The filled cross also conveys that the crucifixion of Christ—God in human form—is not a singular event. “When [Meeropol] showed me that poem,” Holiday said of “Strange Fruit,” “I dug it right off” because it “seemed to spell out all the things that had killed Pop.” Her father, jazz guitarist Clarence Holiday, died at 39 while on tour in Texas, and she believed he was denied life-saving care due to his race.
Holiday’s “Strange Fruit” echoes the filled cross in its depiction of lynching as a persistent reality. “It still depresses me every time I sing it,” Holiday admitted in her autobiography. “But I have to keep singing it … the things that killed him are still happening in the South.” Journalist Vernon Jarrett recalled seeing Holiday perform in 1947, noting she sang “this song as though this was for real, as though she had just witnessed a lynching.” He described the performance of “Strange Fruit” with a sense of resignation, as if she felt powerless to change the situation and could only express it through song.
Holiday’s approach to others in difficult situations was also reflective of her personal experience.
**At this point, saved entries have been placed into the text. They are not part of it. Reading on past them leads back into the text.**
Lemma delta_max_le_log_weight : delta_min (curvrect a b) < 2 / 3 ->
  delta_max (curvrect a b) * ln (3 / 2) <= log_weight (curvrect a b).
Proof.
move=> dmin; have dmin0 := delta_min_gt0 ab.
rewrite /log_weight -mulrN ler_wpM2l ?(delta_max_ge0 ab) //.
rewrite -lnV ?posrE // ler_ln ?posrE ?invr_gt0 //.
rewrite -[3 / 2]invf_div lef_pV2 ?posrE ?ltW //; lra.
Qed.

End log_weight.

Lemma nneseries_tail_lt {R : realType} (u : nat -> R) (e : R) : 0 < e ->
  (forall i, 0 <= u i) -> (\sum_(0 <= i <oo) (u i)%:E < +oo)%E ->
  exists N1, forall N, (N1 <= N)%N ->
    (\sum_(i <oo | (N <= i)%N) (u i)%:E < e%:E)%E.
Proof.
move=> e0 u0 fin_u.
have e_nbhs : nbhs (0 : \bar R) [set y | (y < e%:E)%E].
  by apply: open_nbhs_nbhs; split; [exact: open_ereal_lt_ereal|rewrite /= lte_fin].
have [N1 _ tail_lt] := nneseries_tail_cvg fin_u (fun i _ => u0 i) e_nbhs.
by exists N1 => N /tail_lt; rewrite /= eseries_cond.
Qed.

Section rectangle_family.
Context {R : realType}.
Variables (alpha : R) (a b : nat -> R -> R).
Hypothesis al : 0 < alpha < 1.
Hypothesis ab : forall i, rect_sides alpha (a i) (b i).
Hypothesis G1 : forall i j, i <> j ->
  (curvrect (a i) (b i))° `&` (curvrect (a j) (b j))° = set0.

Let E i := curvrect (a i) (b i).

Let a_smooth i : smooth (a i). Proof. by case: (ab i). Qed.
Let b_smooth i : smooth (b i). Proof. by case: (ab i). Qed.

Lemma delta_min_lt_eventually :
  exists N, forall i, (N <= i)%N -> delta_min (E i) < 2 / 3.
Proof.
have mid i : 2 / 3 <= delta_min (E i) -> (E i)° (1 / 2, 1 / 2).
  by apply: curvrect_interior_mid; case/andP: al => _ /ltW.
have [[k dk]|none] := pselect (exists k, 2 / 3 <= delta_min (E k)).
  exists k.+1 => i ki; rewrite ltNge; apply/negP => di.
  have : ((E k)° `&` (E i)°) (1 / 2, 1 / 2) by split; apply: mid.
  by rewrite G1 // => ik; rewrite ik ltnn in ki.
by exists 0%N => i _; rewrite ltNge; apply/negP => di; apply: none; exists i.
Qed.

Lemma arc_measure_tail_le N s0 s1 gx gy :
  (forall i, (N <= i)%N -> delta_min (E i) < 2 / 3) ->
  Ku_curve alpha s0 s1 gx gy ->
  (arc_measure s0 s1 gx gy (\bigcup_(i in [set i | (N <= i)%N]) E i) <=
   (2 / ((1 - alpha ^+ 2) * ln (3 / 2)))%:E *
     \sum_(i <oo | (N <= i)%N) (log_weight (E i))%:E)%E.
Proof.
move=> dmin hK; have /andP[al0 al1] := al.
have a2 : 0 < 1 - alpha ^+ 2 by nra.
have ln32 : 0 < ln (3 / 2 : R) by rewrite ln_gt0 //; lra.
set C := 2 / _; have C0 : 0 <= C by rewrite divr_ge0 // mulr_ge0 // ltW.
apply: le_trans (arc_measure_bigcup_le hK _ a_smooth b_smooth) _.
rewrite -nneseriesZl; last by move=> i _; rewrite lee_fin (log_weight_ge0 (ab i)).
apply: lee_nneseries => i.
  by move=> _ _; apply: integral_ge0 => t _; rewrite lee_fin sqrtr_ge0.
move=> /= Ni; apply: le_trans (arc_measure_curvrect_le hK al1 (ab i)) _.
have -> : 2 * delta_max (E i) / (1 - alpha ^+ 2) = C * (delta_max (E i) * ln (3 / 2)).
  by rewrite /C; field; rewrite !gt_eqF.
by rewrite -EFinM lee_fin ler_wpM2l // (delta_max_le_log_weight (ab i)) // dmin.
Qed.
Her Harlem apartment was a haven for those in need, where anyone with a hard-luck story could find shelter and food. Similar sentiments were echoed in a 1943 papal encyclical, which described the Church as a place of shared pain, comfort, and sustenance. Poet and jazz vocalist Babs Gonzales recalled that her apartment fed everyone in New York for four years.
Holiday consistently closed her sets with “Strange Fruit” from 1939 until the end of her life. By making it her signature song, she bore witness to racial violence and injustice, though she did not offer a remedy. Yet, her testimony held extraordinary power. Shortly after the 2020 murder of George Floyd, Bruce Springsteen, himself a Catholic with “misgivings,” included “Strange Fruit” as the first song on a playlist he made for America.